Futures dropped sharply after the Dept. of Labor said jobless claims for the week ended Jan. 26 jumped to 375,000 from 306,000. Economists expected 320,000 claims. The reaction was overdone, as one week does not make a trend, and Briefing.com expected claims to increase due to seasonal factors.DJ30 -135.27 NASDAQ -25.53 SP500 -17.99
09:15 am : S&P futures vs fair value: -21.6. Nasdaq futures vs fair value: -26.8.
08:59 am : S&P futures vs fair value: -22.5. Nasdaq futures vs fair value: -28.5. Futures continue to point to a sharply lower start as market participants respond negatively to the larger than expected jobless claims number. Chicago PMI, a regional manufacturing survey, is set for release at 9:45 ET.
08:30 am : S&P futures vs fair value: -21.0. Nasdaq futures vs fair value: -21.0. Stock futures slide on a pair of economic releases, as one shows higher than expected unemployment claims last week.
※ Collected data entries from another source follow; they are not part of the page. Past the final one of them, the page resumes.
Lemma near_base_cont h eps :
  cont4 h 0 1 0 0 -> 0 < eps ->
  near_base (fun a rho v t => Rabs (h a rho v t - h 0 1 0 0) < eps).
Proof.
  intros Hh Heps. destruct (Hh eps Heps) as [d [Hd Hball]].
  exists d. split; [exact Hd|].
  intros a rho v t Ha Hrho Hv Ht. apply Hball; rewrite ?Rminus_0_r; assumption.
Qed.

Lemma near_base_bounded h :
  cont4 h 0 1 0 0 -> exists M, 0 <= M /\ near_base (fun a rho v t => Rabs (h a rho v t) <= M).
Proof.
  intros Hh. exists (Rabs (h 0 1 0 0) + 1). split; [pose proof (Rabs_pos (h 0 1 0 0)); lra|].
  apply (near_base_impl (fun a rho v t => Rabs (h a rho v t - h 0 1 0 0) < 1)).
  - intros a rho v t H. pose proof (Rabs_triang_inv (h a rho v t) (h 0 1 0 0)). lra.
  - apply near_base_cont; [exact Hh | lra].
Qed.

Definition C2_estimates (g : R -> R -> R -> R -> R) (c eta M : R) (a rho v t : R) : Prop :=
  C2_at g a rho v t /\ Rabs (pd 0 g a rho v t - c) < eta /\
  Rabs (pd 1 (pd 0 g) a rho v t) <= M /\ Rabs (pd 2 (pd 0 g) a rho v t) <= M /\
  Rabs (pd 3 (pd 0 g) a rho v t) <= M.

Lemma C2_estimates_near_base g eta :
  near_base (C2_at g) -> 0 < eta ->
  exists M, 0 <= M /\ near_base (C2_estimates g (pd 0 g 0 1 0 0) eta M).
Proof.
  intros HC Heta.
  assert (Hg : C2_at g 0 1 0 0) by (destruct HC as [d [Hd HC]]; exact (around_base_at d _ Hd HC)).
  destruct Hg as [_ Hg].
  destruct (Hg 0%nat) as [_ [Hslope Hsecond]].
  destruct (near_base_bounded _ (proj2 (Hsecond 1%nat))) as [M1 [HM1 N1]].
  destruct (near_base_bounded _ (proj2 (Hsecond 2%nat))) as [M2 [HM2 N2]].
  destruct (near_base_bounded _ (proj2 (Hsecond 3%nat))) as [M3 [HM3 N3]].
  exists (M1 + M2 + M3). split; [lra|].
  pose proof (near_base_and _ _ N2 N3) as N23.
  pose proof (near_base_and _ _ N1 N23) as N123.
  pose proof (near_base_and _ _ (near_base_cont _ _ Hslope Heta) N123) as N.
  pose proof (near_base_and _ _ HC N) as N'.
  revert N'. apply near_base_impl.
  intros a rho v t [H0 [H1 [H2 [H3 H4]]]].
  refine (conj H0 (conj H1 _)). repeat split; lra.
Qed.

Lemma C2_estimates_ex_pd g c eta M a rho v t i :
  C2_estimates g c eta M a rho v t -> ex_pd i g a rho v t.
Proof. intros [[_ Hg] _]. exact (proj1 (Hg i)). Qed.

Lemma C2_estimates_ex_pd2 g c eta M a rho v t i :
  C2_estimates g c eta M a rho v t -> ex_pd i (pd 0 g) a rho v t.
Proof. intros [[_ Hg] _]. exact (proj1 (proj2 (proj2 (Hg 0%nat)) i)). Qed.

Section C2Estimates.

Variables (g : R -> R -> R -> R -> R) (c eta M d : R).
Hypothesis Hg : around_base d (C2_estimates g c eta M).

Lemma mixed_difference_alpha_t a rho v t :
  Rabs a < d -> Rabs (rho - 1) < d -> Rabs v < d -> 0 <= t < d ->
  Rabs (g a rho v t - g a rho v 0 - g 0 rho v t + g 0 rho v 0) <= Rabs a * t * M.
Proof.
  intros Ha Hrho Hv Ht.
  assert (H0 : Rabs 0 < d) by (rewrite Rabs_R0; lra).
  assert (Ht' : Rabs t < d) by (rewrite Rabs_pos_eq; lra).
  pose proof (mixed_difference_le (fun a' t' => g a' rho v t') a 0 0 t M) as Hmixed.
  cbv beta in Hmixed. rewrite !Rminus_0_r, (Rabs_pos_eq t) in Hmixed by lra.
  apply Hmixed. intros a' t' Ha' Ht''.
  pose proof (Hg a' rho v t' (Rabs_between0 _ _ _ _ Ha H0 Ha') Hrho Hv
                (Rabs_between0 _ _ _ _ H0 Ht' Ht'')) as Hest.
  split; [exact (C2_estimates_ex_pd _ _ _ _ _ _ _ _ 0 Hest)|].
  split; [exact (C2_estimates_ex_pd2 _ _ _ _ _ _ _ _ 3 Hest)|].
  apply Hest.
Qed.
Just reported, the Dept. of commerce said Dec. personal income rose 0.5% and spending rose 0.2%. Economists expected income to rise 0.4% and spending to rise 0.1%. PCE Core rose 0.2% month over month, in-line with expectations. Separately, the Dept. of Labor said there were 375K initial jobless claims for the week ended Jan. 26 (consensus 319K). In earnings news, MasterCard (MA) topped expectations by $0.17 per share.
08:00 am : S&P futures vs fair value: -10.4. Nasdaq futures vs fair value: -12.5. Futures suggest the stock market will face some selling pressure at the open as worries over bond insurers continue to weigh on sentiment. Bond insurer MBIA (MBI) reported a larger than expected loss. Dow Component Procter & Gamble (PG) topped its earnings expectations, but guided third quarter earnings below analysts’ expectations. Economic reports personal income and the weekly initial jobless claims will both be released at 8:30 ET. Chicago PMI is set for release at 9:45.
06:16 am : S&P futures vs fair value: -11.6. Nasdaq futures vs fair value: -13.8.
06:16 am : FTSE...5787.90...-49.40...-0.9%. DAX...6785.03...-90.32...-1.3%.
06:16 am : Nikkei...13592.47...+247.44...+1.9%. Hang Seng...23455.74...-197.95...-0.8%.